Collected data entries
# # # # #
(* Let $X$ be a phylogenetic vertex of a quiver. Then: (i) $X$ has a primitive ancestor; (ii) all primitive ancestors of $X$ are isotypic to each other; (iii) every short full evolution for $X$ is universal; (iv) every vertex appearing in a short full evolution for $X$ is phylogenetic.
   Context: A quiver consists of a class of vertices and, for each ordered pair of vertices $(A,B)$, a set of edges $A\to B$ (loops and multiple edges allowed). An evolution of length $m\ge 0$ is a sequence $A_0\leftarrow A_1\leftarrow\cdots\leftarrow A_m$ of vertices together with edges $A_k\to A_{k-1}$ ($1\le k\le m$); $A_0$ is its initial and $A_m$ its terminal vertex. Write $A\le B$ ($A$ is an ancestor of $B$) if there is an evolution with initial vertex $A$ and terminal vertex $B$; $A,B$ are isotypic ($A\sim B$) if $A\le B$ and $B\le A$. A vertex $A$ is primitive if every ancestor of $A$ is isotypic to $A$. A full evolution for $X$ is an evolution with primitive initial vertex and terminal vertex $X$. The height $h(X)$ is the smallest length of a full evolution for $X$ ($\infty$ if none); a full evolution for $X$ is short if its length equals $h(X)$. An evolution $\alpha=(A_0\leftarrow\cdots\leftarrow A_m)$ embeds in $\beta=(B_0\leftarrow\cdots\leftarrow B_n)$ if $m\le n$ and there are $0\le r_0<\cdots<r_m\le n$ with $A_k\sim B_{r_k}$. A universal evolution for $X$ is a full evolution for $X$ embedding in every full evolution for $X$; $X$ is phylogenetic if one exists. *)

From Stdlib Require Import Arith.

Set Implicit Arguments.

Record evolution (V : Type) (E : V -> V -> Type) := Evolution {
  ev_len : nat;
  ev_vert : nat -> V;
  ev_edge : forall k, k < ev_len -> E (ev_vert (S k)) (ev_vert k)
}.

Arguments ev_len {V E} e.
Arguments ev_vert {V E} e _.

Section Quiver.
Variables (V : Type) (E : V -> V -> Type).

Definition initial (a : evolution E) : V := ev_vert a 0.
Definition terminal (a : evolution E) : V := ev_vert a (ev_len a).

Definition ancestor (A B : V) : Prop :=
  exists a : evolution E, initial a = A /\ terminal a = B.

Definition isotypic (A B : V) : Prop := ancestor A B /\ ancestor B A.

Definition primitive (A : V) : Prop :=
  forall B, ancestor B A -> isotypic B A.

Definition full_evolution (X : V) (a : evolution E) : Prop :=
  primitive (initial a) /\ terminal a = X.

(* short: a full evolution whose length equals the height h(X), i.e. the
   least length of a full evolution for X. *)
Definition short_evolution (X : V) (a : evolution E) : Prop :=
  full_evolution X a /\
  forall b : evolution E, full_evolution X b -> ev_len a <= ev_len b.

Definition embeds (a b : evolution E) : Prop :=
  ev_len a <= ev_len b /\
  exists r : nat -> nat,
    (forall i j, i < j -> j <= ev_len a -> r i < r j) /\
    r (ev_len a) <= ev_len b /\
    (forall k, k <= ev_len a -> isotypic (ev_vert a k) (ev_vert b (r k))).

Definition universal_evolution (X : V) (a : evolution E) : Prop :=
  full_evolution X a /\
  forall b : evolution E, full_evolution X b -> embeds a b.

Definition phylogenetic (X : V) : Prop :=
  exists a : evolution E, universal_evolution X a.

End Quiver.

(* If [u] is universal for [X], every full evolution [b] for [X] contains [u]
   up to isotypy along a strictly increasing index map. Reading this off at the
   initial vertex of [b] shows that any primitive ancestor of [X] is isotypic to
   [initial u]. A short full evolution [a] has length at most that of [u], so
   the embedding of [u] into [a] is the identity on indices and [a] agrees with
   [u] vertexwise up to isotypy; hence [a] is universal too. Finally, a prefix
   [A_0 <- ... <- A_k] of a universal evolution is universal for [A_k]: any full
   evolution for [A_k], extended by the remaining part of [a], is a full
   evolution for [X], and the embedding of [a] into it lands in the first part on
   the indices [<= k], since it must leave room for the [len a - k] last ones. *)

From Stdlib Require Import Arith Lia.

Lemma incr_add_sub (r : nat -> nat) (n : nat) :
  (forall i j, i < j -> j <= n -> r i < r j) ->
  forall i j, i <= j -> j <= n -> r i + (j - i) <= r j.
Proof.
  intros Hr i j; induction j as [|j IH]; intros Hij Hjn.
  - replace i with 0 by lia; lia.
  - destruct (Nat.eq_dec i (S j)) as [->|Hne]; [lia|].
    assert (r j < r (S j)) by (apply Hr; lia).
    specialize (IH ltac:(lia) ltac:(lia)); lia.
Qed.

Lemma incr_bounded_id (r : nat -> nat) (n : nat) :
  (forall i j, i < j -> j <= n -> r i < r j) -> r n <= n ->
  forall k, k <= n -> r k = k.
Proof.
  intros Hr Hn k Hk.
  pose proof (incr_add_sub r n Hr 0 k ltac:(lia) Hk).
  pose proof (incr_add_sub r n Hr k n Hk ltac:(lia)).
  lia.
Qed.

Section Evolutions.
Context {V : Type} {E : V -> V -> Type}.

Lemma evolution_segment (a : evolution E) i j : i <= j -> j <= ev_len a ->
  exists c : evolution E,
    ev_len c = j - i /\ forall t, ev_vert c t = ev_vert a (i + t).
Proof.
  intros Hij Hj.
  assert (edge : forall k, k < j - i ->
            E (ev_vert a (i + S k)) (ev_vert a (i + k))).
  { intros k Hk; rewrite Nat.add_succ_r; apply (ev_edge a); lia. }
  exists (@Evolution V E (j - i) (fun t => ev_vert a (i + t)) edge); auto.
Qed.

Lemma evolution_cat (a b : evolution E) : terminal a = initial b ->
  exists c : evolution E, ev_len c = ev_len a + ev_len b /\
    (forall i, i <= ev_len a -> ev_vert c i = ev_vert a i) /\
    (forall i, ev_vert c (ev_len a + i) = ev_vert b i).
Proof.
  unfold terminal, initial; intros Hab.
  set (n := ev_len a) in *.
  set (f := fun i => if i <=? n then ev_vert a i else ev_vert b (i - n)).
  assert (f_left : forall i, i <= n -> f i = ev_vert a i).
  { intros i Hi; unfold f; destruct (Nat.leb_spec i n); [reflexivity|lia]. }
  assert (f_right : forall i, n <= i -> f i = ev_vert b (i - n)).
  { intros i Hi; unfold f; destruct (Nat.leb_spec i n); [|reflexivity].
    replace i with n by lia; rewrite Nat.sub_diag; exact Hab. }
  assert (edge : forall k, k < n + ev_len b -> E (f (S k)) (f k)).
  { intros k Hk; destruct (le_lt_dec (S k) n) as [h|h].
    - rewrite (f_left (S k) h), (f_left k ltac:(lia)); apply (ev_edge a), h.
    - rewrite (f_right (S k) ltac:(lia)), (f_right k ltac:(lia)).
      replace (S k - n) with (S (k - n)) by lia; apply (ev_edge b); lia. }
  exists (@Evolution V E (n + ev_len b) f edge); simpl; repeat split; auto.
  intros i; rewrite f_right by lia; f_equal; lia.
Qed.

Lemma ancestor_refl (A : V) : ancestor E A A.
Proof.
  assert (edge : forall k, k < 0 -> E ((fun _ => A) (S k)) ((fun _ => A) k))
    by (intros; lia).
  exists (@Evolution V E 0 (fun _ => A) edge); split; reflexivity.
Qed.

Lemma ancestor_trans (A B C : V) :
  ancestor E A B -> ancestor E B C -> ancestor E A C.
Proof.
  intros [a [Ha0 Ham]] [b [Hb0 Hbm]].
  destruct (evolution_cat a b) as [c [Hc [Hc_left Hc_right]]]; [congruence|].
  exists c; unfold initial, terminal in *; split.
  - rewrite Hc_left by lia; exact Ha0.
  - rewrite Hc, Hc_right; exact Hbm.
Qed.

Lemma ancestor_vert (a : evolution E) i j : i <= j -> j <= ev_len a ->
  ancestor E (ev_vert a i) (ev_vert a j).
Proof.
  intros Hij Hj; destruct (evolution_segment a i j Hij Hj) as [c [Hc Hcv]].
  exists c; unfold initial, terminal; rewrite Hc, !Hcv; split; f_equal; lia.
Qed.

Lemma isotypic_sym A B : isotypic E A B -> isotypic E B A.
Proof. intros [HAB HBA]; split; assumption. Qed.

Lemma isotypic_trans A B C :
  isotypic E A B -> isotypic E B C -> isotypic E A C.
Proof. intros [] []; split; eapply ancestor_trans; eauto. Qed.

Lemma embeds_isotypic_vert (a b : evolution E) :
  embeds a b -> ev_len b <= ev_len a ->
  forall k, k <= ev_len a -> isotypic E (ev_vert a k) (ev_vert b k).
Proof.
  intros [_ [r [Hr [Hrn Hiso]]]] Hba k Hk.
  rewrite <- (incr_bounded_id r (ev_len a) Hr ltac:(lia) k Hk) at 2.
  auto.
Qed.

Lemma embeds_isotypic_l (a b c : evolution E) :
  ev_len a = ev_len b ->
  (forall k, k <= ev_len a -> isotypic E (ev_vert a k) (ev_vert b k)) ->
  embeds b c -> embeds a c.
Proof.
  intros Hab Hiso [Hbc [r [Hr [Hrn Hbr]]]]; rewrite <- Hab in *.
  split; [assumption|]; exists r; split; [exact Hr|split; [exact Hrn|]].
  intros k Hk; apply isotypic_trans with (ev_vert b k); auto.
Qed.

Lemma full_evolution_prefix {X : V} (a : evolution E) k :
  full_evolution X a -> k <= ev_len a ->
  exists p : evolution E, full_evolution (ev_vert a k) p /\
    ev_len p = k /\ forall t, ev_vert p t = ev_vert a t.
Proof.
  intros [Ha0 _] Hk.
  destruct (evolution_segment a 0 k ltac:(lia) Hk) as [p [Hp Hpv]].
  rewrite Nat.sub_0_r in Hp.
  exists p; unfold full_evolution, initial, terminal in *.
  rewrite Hp, !Hpv; auto.
Qed.

Lemma full_evolution_extend {X : V} (a c : evolution E) k :
  full_evolution X a -> k <= ev_len a -> full_evolution (ev_vert a k) c ->
  exists d : evolution E, full_evolution X d /\
    ev_len d = ev_len c + (ev_len a - k) /\
    forall i, i <= ev_len c -> ev_vert d i = ev_vert c i.
Proof.
  intros [_ HaX] Hk [Hc0 HcX].
  destruct (evolution_segment a k (ev_len a) Hk ltac:(lia)) as [s [Hs Hsv]].
  destruct (evolution_cat c s) as [d [Hd [Hd_left Hd_right]]].
  { rewrite HcX; unfold initial; rewrite Hsv; f_equal; lia. }
  exists d; unfold full_evolution, initial, terminal in *.
  rewrite Hd_left by lia; rewrite Hd, Hd_right, Hsv, Hs, <- HaX.
  split; [split; [exact Hc0|f_equal; lia]|split; [reflexivity|exact Hd_left]].
Qed.

Lemma universal_vert_phylogenetic (X : V) (a : evolution E) k :
  universal_evolution X a -> k <= ev_len a -> phylogenetic E (ev_vert a k).
Proof.
  intros [Fa Ha] Hk.
  destruct (full_evolution_prefix a k Fa Hk) as [p [Fp [Hp Hpv]]].
  exists p; split; [exact Fp|]; intros c Fc.
  destruct (full_evolution_extend a c k Fa Hk Fc) as [d [Fd [Hd Hdv]]].
  destruct (Ha d Fd) as [_ [r [Hr [Hrn Hiso]]]].
  assert (r_prefix : forall i, i <= k -> r i <= ev_len c).
  { intros i Hi.
    pose proof (incr_add_sub r _ Hr i k Hi Hk).
    pose proof (incr_add_sub r _ Hr k (ev_len a) Hk ltac:(lia)); lia. }
  pose proof (incr_add_sub r _ Hr 0 k ltac:(lia) Hk).
  unfold embeds; rewrite Hp; split; [pose proof (r_prefix k (le_n k)); lia|].
  exists r; split; [|split].
  - intros i j Hij Hj; apply Hr; lia.
  - apply r_prefix, le_n.
  - intros i Hi; rewrite Hpv, <- Hdv by auto; apply Hiso; lia.
Qed.

Section Universal.
Variables (X : V) (u : evolution E).
Hypothesis u_universal : universal_evolution X u.

Lemma primitive_ancestor_isotypic_initial A :
  primitive E A -> ancestor E A X -> isotypic E A (initial u).
Proof.
  destruct u_universal as [[Hu0 _] Hu]; intros HA [b [Hb0 HbX]].
  assert (Fb : full_evolution X b) by (split; [rewrite Hb0|]; assumption).
  destruct (Hu b Fb) as [_ [r [Hr [Hrn Hiso]]]].
  pose proof (incr_add_sub r _ Hr 0 (ev_len u) ltac:(lia) ltac:(lia)).
  apply Hu0, ancestor_trans with (ev_vert b (r 0)).
  - rewrite <- Hb0; apply ancestor_vert; lia.
  - apply Hiso; lia.
Qed.

Lemma short_evolution_universal (a : evolution E) :
  short_evolution X a -> universal_evolution X a.
Proof.
  destruct u_universal as [Fu Hu]; intros [Fa Hshort].
  assert (Hua : embeds u a) by auto.
  assert (Hlen : ev_len u = ev_len a)
    by (destruct Hua; specialize (Hshort u Fu); lia).
  split; [exact Fa|]; intros b Fb.
  apply embeds_isotypic_l with u; auto.
  intros k Hk; apply isotypic_sym, embeds_isotypic_vert; auto; lia.
Qed.

End Universal.
End Evolutions.

Theorem theorem5p3 (V : Type) (E : V -> V -> Type) (X : V) :
  phylogenetic E X ->
  (exists A, primitive E A /\ ancestor E A X) /\
  (forall A B, primitive E A -> ancestor E A X ->
               primitive E B -> ancestor E B X -> isotypic E A B) /\
  (forall a : evolution E, short_evolution X a -> universal_evolution X a) /\
  (forall a : evolution E, short_evolution X a ->
     forall k, k <= ev_len a -> phylogenetic E (ev_vert a k)).
Proof.
  intros [u Hu]; split; [|split; [|split]].
  - destruct Hu as [[Hu0 HuX] _].
    exists (initial u); split; [exact Hu0|]; exists u; auto.
  - intros A B HA HAX HB HBX.
    apply isotypic_trans with (initial u);
      [|apply isotypic_sym]; eapply primitive_ancestor_isotypic_initial; eauto.
  - intros a Ha; eapply short_evolution_universal; eauto.
  - intros a Ha k Hk.
    eapply universal_vert_phylogenetic, Hk.
    eapply short_evolution_universal; eauto.
Qed.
# # # # #
**Exercise description**: Would you please repeat exactly the lines above, starting at the line with "assert (r j" and stopping at the line with "assert (f_left : forall", both included?

**Output of the task**:
    assert (r j < r (S j)) by (apply Hr; lia).
    specialize (IH ltac:(lia) ltac:(lia)); lia.
Qed.

Lemma incr_bounded_id (r : nat -> nat) (n : nat) :
  (forall i j, i < j -> j <= n -> r i < r j) -> r n <= n ->
  forall k, k <= n -> r k = k.
Proof.
  intros Hr Hn k Hk.
  pose proof (incr_add_sub r n Hr 0 k ltac:(lia) Hk).
  pose proof (incr_add_sub r n Hr k n Hk ltac:(lia)).
  lia.
Qed.

Section Evolutions.
Context {V : Type} {E : V -> V -> Type}.

Lemma evolution_segment (a : evolution E) i j : i <= j -> j <= ev_len a ->
  exists c : evolution E,
    ev_len c = j - i /\ forall t, ev_vert c t = ev_vert a (i + t).
Proof.
  intros Hij Hj.
  assert (edge : forall k, k < j - i ->
            E (ev_vert a (i + S k)) (ev_vert a (i + k))).
  { intros k Hk; rewrite Nat.add_succ_r; apply (ev_edge a); lia. }
  exists (@Evolution V E (j - i) (fun t => ev_vert a (i + t)) edge); auto.
Qed.

Lemma evolution_cat (a b : evolution E) : terminal a = initial b ->
  exists c : evolution E, ev_len c = ev_len a + ev_len b /\
    (forall i, i <= ev_len a -> ev_vert c i = ev_vert a i) /\
    (forall i, ev_vert c (ev_len a + i) = ev_vert b i).
Proof.
  unfold terminal, initial; intros Hab.
  set (n := ev_len a) in *.
  set (f := fun i => if i <=? n then ev_vert a i else ev_vert b (i - n)).
  assert (f_left : forall i, i <= n -> f i = ev_vert a i).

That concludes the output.